# [Exercise prompt]
Please return the lines below verbatim, beginning at the one that has "Lemma set_margin_signed (calA" and stopping after the one that has "by apply: le_trans r_le", and add no other lines.

Dataset extract: Begin

(* By compactness, a limit of approximate maximizers is an exact one, hence [v(y)]. *)
Lemma dot_vmax_ge y z L : y != 0 ->
  (forall e, 0 < e -> exists w, [/\ N w <= 1, D y - e <= dot y w & L <= dot z w]) ->
  L <= dot z (vmax N D y).
Proof.
move=> y0 approx.
pose K := [set w | N w <= 1] `&` dot z @^-1` [set r | L <= r].
have K_compact : compact K.
  apply: compact_closedI unit_ball_compact _.
  by apply: preimage_closed => [w _|]; [exact: dot_continuous | exact: closed_ge].
have img_compact : compact (dot y @` K).
  by apply: continuous_compact K_compact; apply: continuous_subspaceT; apply: dot_continuous.
have Dy_closure : closure (dot y @` K) (D y).
  move=> B /nbhs_ballP [e e0 eB].
  have [w [Nw yw zw]] := approx _ (divr_gt0 e0 (ltr0n _ 2)).
  exists (dot y w); split; first by exists w.
  apply: eB; rewrite -ball_normE /ball_ /= ger0_norm ?subr_ge0 ?dot_le_dual //.
  by rewrite ltrBlDr -ltrBlDl (lt_le_trans _ yw) // ltrD2l ltrN2 gtr_pMr // invf_lt1 ?ltr1n.
have [w [Nw zw] yw] := compact_closed (@Rhausdorff R) img_compact Dy_closure.
by rewrite -(vmax_unique y0 Nw yw).
Qed.

Lemma optimal_vmax_ge Sp Sm y b dd u beta r : 0 < r -> Sp !=set0 -> Sm !=set0 ->
  separates u beta r Sp Sm -> optimal_sol D Sp Sm y b dd ->
  0 < dd /\ r / dd <= dot u (vmax N D y).
Proof.
move=> r0 neP neM sep opt.
have Du_gt0 := dual_gt0 (separates_neq0 r0 neP neM sep).
have dd_gt0 : 0 < dd.
  by rewrite -(pmulr_lgt0 _ Du_gt0) (lt_le_trans r0) // (optimal_value_ge r0 neP neM sep opt).
have [Dy_le1 /hmargin_separates sep_y _] := opt.
have y0 := separates_neq0 dd_gt0 neP neM sep_y.
split => //; apply: dot_vmax_ge y0 _ => e e0.
have C_gt0 : 0 < D u + D (- u) + 1 by rewrite ltr_wpDl // addr_ge0 ?dual_ge0.
pose eps := e / (D u + D (- u) + 1).
have eps_gt0 : 0 < eps by rewrite divr_gt0.
have [_ [w [Nw opt_w]]] := ND_dual (y + eps *: u).
exists w; split => //.
  apply: le_trans (dual_maximizer_perturb (ltW eps_gt0) Nw opt_w).
  by rewrite lerD2l lerN2 mulrAC ler_pdivrMr // ler_pM2l // lerDl.
have := optimal_value_ge (addr_gt0 dd_gt0 (mulr_gt0 eps_gt0 r0)) neP neM
  (separatesD sep_y (separatesZ (ltW eps_gt0) sep)) opt.
rewrite -opt_w dotDl dotZl mulrDr => perturbed.
have := ler_wpM2l (ltW dd_gt0) (le_trans (dot_le_dual y Nw) Dy_le1).
rewrite mulr1 => yw_le.
by rewrite ler_pdivrMr // -(ler_pM2l eps_gt0) [dot u w * dd]mulrC mulrCA; lra.
Qed.

End StrictlyConvex.
End DualNorm.

Section Algorithm.
Variables (R : realType) (d : nat) (N D : 'rV[R]_d -> R) (lab : 'rV[R]_d -> bool).

Lemma set_margin_signed (calA : set 'rV[R]_d) u beta r a : 0 < D u ->
  (r%:E <= set_margin D lab calA u beta)%E -> calA a ->
  r * D u <= signed_margin u beta (lab a) a.
Proof.
move=> Du_gt0 r_le calA_a.
have : (r%:E <= (smargin D lab a u beta)%:E)%E.
  by apply: le_trans r_le _; apply: ereal_inf_le; exists (smargin D lab a u beta)%:E => //; exists a.
rewrite lee_fin /smargin -ler_pdivlMr //.
by case: (lab a); rewrite /lsign /signed_margin ?mul1r ?mulN1r ?opprD.
Qed.

Lemma signed_margin_proxy_ge c u beta a y b : 0 <= dot u (vmax N D y) ->
  signed_margin u beta (lab a) a <= signed_margin u beta (lab a) (proxy N D c lab a y b).
Proof.
move=> v_ge0; rewrite /proxy; case: eqP => // _.
case: ifP => // /andP [q_ge0 q_lt]; case: (lab a); rewrite /signed_margin dotDr ?dotNr dotZr.
  have coef_ge0 : 0 <= 2 / c - (dot y a + b) / D y by rewrite subr_ge0 ltW.
  by have := mulr_ge0 coef_ge0 v_ge0; lra.
by have := mulr_ge0 q_ge0 v_ge0; lra.
Qed.

Lemma init_separated (calA : set 'rV[R]_d) init yst bst dst : 0 < D yst ->
  set_margin D lab calA yst bst = dst%:E -> init_ok calA lab init ->
  [/\ init_set lab init true !=set0, init_set lab init false !=set0 &
      separates yst bst (dst * D yst) (init_set lab init true) (init_set lab init false)].
Proof.
move=> Dyst_gt0 margin_eq [init_in has_pos has_neg _].
have init_sep x : x \in init -> dst * D yst <= signed_margin yst bst (lab x) x.
  by move=> x_in; apply: set_margin_signed Dyst_gt0 _ (init_in x x_in); rewrite margin_eq.
split.
- by have /hasP [x x_in lx] := has_pos; exists x.
- by have /hasP [x x_in /negbTE lx] := has_neg; exists x.
- by split=> x [x_in lx]; rewrite -lx init_sep.
Qed.

End Algorithm.

Theorem mainTheorem6 (R : realType) (d : nat)
    (N D : 'rV[R]_d -> R) (c : R)
    (calA : set 'rV[R]_d) (lab : 'rV[R]_d -> bool)
    (yst : 'rV[R]_d) (bst dst : R)
    (init : seq 'rV[R]_d) (A : nat -> 'rV[R]_d)
    (y : nat -> 'rV[R]_d) (b dd : nat -> R)
    (Sp Sm : nat -> set 'rV[R]_d) :
  is_norm N -> is_dual_norm N D -> 0 < c ->
  strictly_convex N -> strictly_convex D ->
  margin_assumption D lab calA yst bst dst ->
  init_ok calA lab init ->
  Sp 0%N = init_set lab init true -> Sm 0%N = init_set lab init false ->
  (forall t, (0 < t)%N -> calA (A t)) ->
  (forall t : nat,
     Sp t.+1 = (if lab (A t.+1)
                then Sp t `|` [set proxy N D c lab (A t.+1) (y t.+1) (b t.+1)]
                else Sp t) /\
     Sm t.+1 = (if lab (A t.+1) then Sm t
                else Sm t `|` [set proxy N D c lab (A t.+1) (y t.+1) (b t.+1)])) ->
  (forall t : nat, optimal_sol D (Sp t) (Sm t) (y t.+1) (b t.+1) (dd t.+1)) ->
  forall t : nat, (0 < t)%N ->
    D yst * (dst / dd t) <= dot yst (vmax N D (y t)) /\
    0 < D yst * (dst / dd t).
Proof.
move=> N_norm ND_dual _ N_sconv _ [yst0 margin_eq _ dst_gt0] init_ok_init Sp0 Sm0
  A_in update opt t t_gt0.
have Dyst_gt0 := dual_gt0 N_norm ND_dual yst0.
have m_gt0 : 0 < dst * D yst by rewrite mulr_gt0.
have invariant k :
    [/\ Sp k !=set0, Sm k !=set0 & separates yst bst (dst * D yst) (Sp k) (Sm k)].
  elim: k => [|k [neP neM sep]]; first by rewrite Sp0 Sm0; exact: init_separated Dyst_gt0 margin_eq init_ok_init.
  have [dd_gt0 v_ge] := optimal_vmax_ge N_norm ND_dual N_sconv m_gt0 neP neM sep (opt k).
  have proxy_sep : dst * D yst <= signed_margin yst bst (lab (A k.+1))
      (proxy N D c lab (A k.+1) (y k.+1) (b k.+1)).
    have v_ge0 : 0 <= dot yst (vmax N D (y k.+1)).
      by apply: le_trans v_ge; rewrite divr_ge0 ?ltW.
    apply: le_trans (signed_margin_proxy_ge lab c bst (A k.+1) (b k.+1) v_ge0).
    by apply: set_margin_signed Dyst_gt0 _ (A_in k.+1 isT); rewrite margin_eq.
  have [Sp_eq Sm_eq] := update k; split.
  - by case: neP => x Spx; exists x; rewrite Sp_eq; case: ifP => _; [left|].
  - by case: neM => x Smx; exists x; rewrite Sm_eq; case: ifP => _; [|left].
  - by rewrite Sp_eq Sm_eq; apply: separates_add.
case: t t_gt0 => // k _; have [neP neM sep] := invariant k.
have [dd_gt0 v_ge] := optimal_vmax_ge N_norm ND_dual N_sconv m_gt0 neP neM sep (opt k).
by rewrite mulrA [D yst * dst]mulrC divr_gt0.
Qed.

Dataset extract: End

# [Completed task]
Lemma set_margin_signed (calA : set 'rV[R]_d) u beta r a : 0 < D u ->
  (r%:E <= set_margin D lab calA u beta)%E -> calA a ->
  r * D u <= signed_margin u beta (lab a) a.
Proof.
move=> Du_gt0 r_le calA_a.
have : (r%:E <= (smargin D lab a u beta)%:E)%E.
  by apply: le_trans r_le _; apply: ereal_inf_le; exists (smargin D lab a u beta)%:E => //; exists a.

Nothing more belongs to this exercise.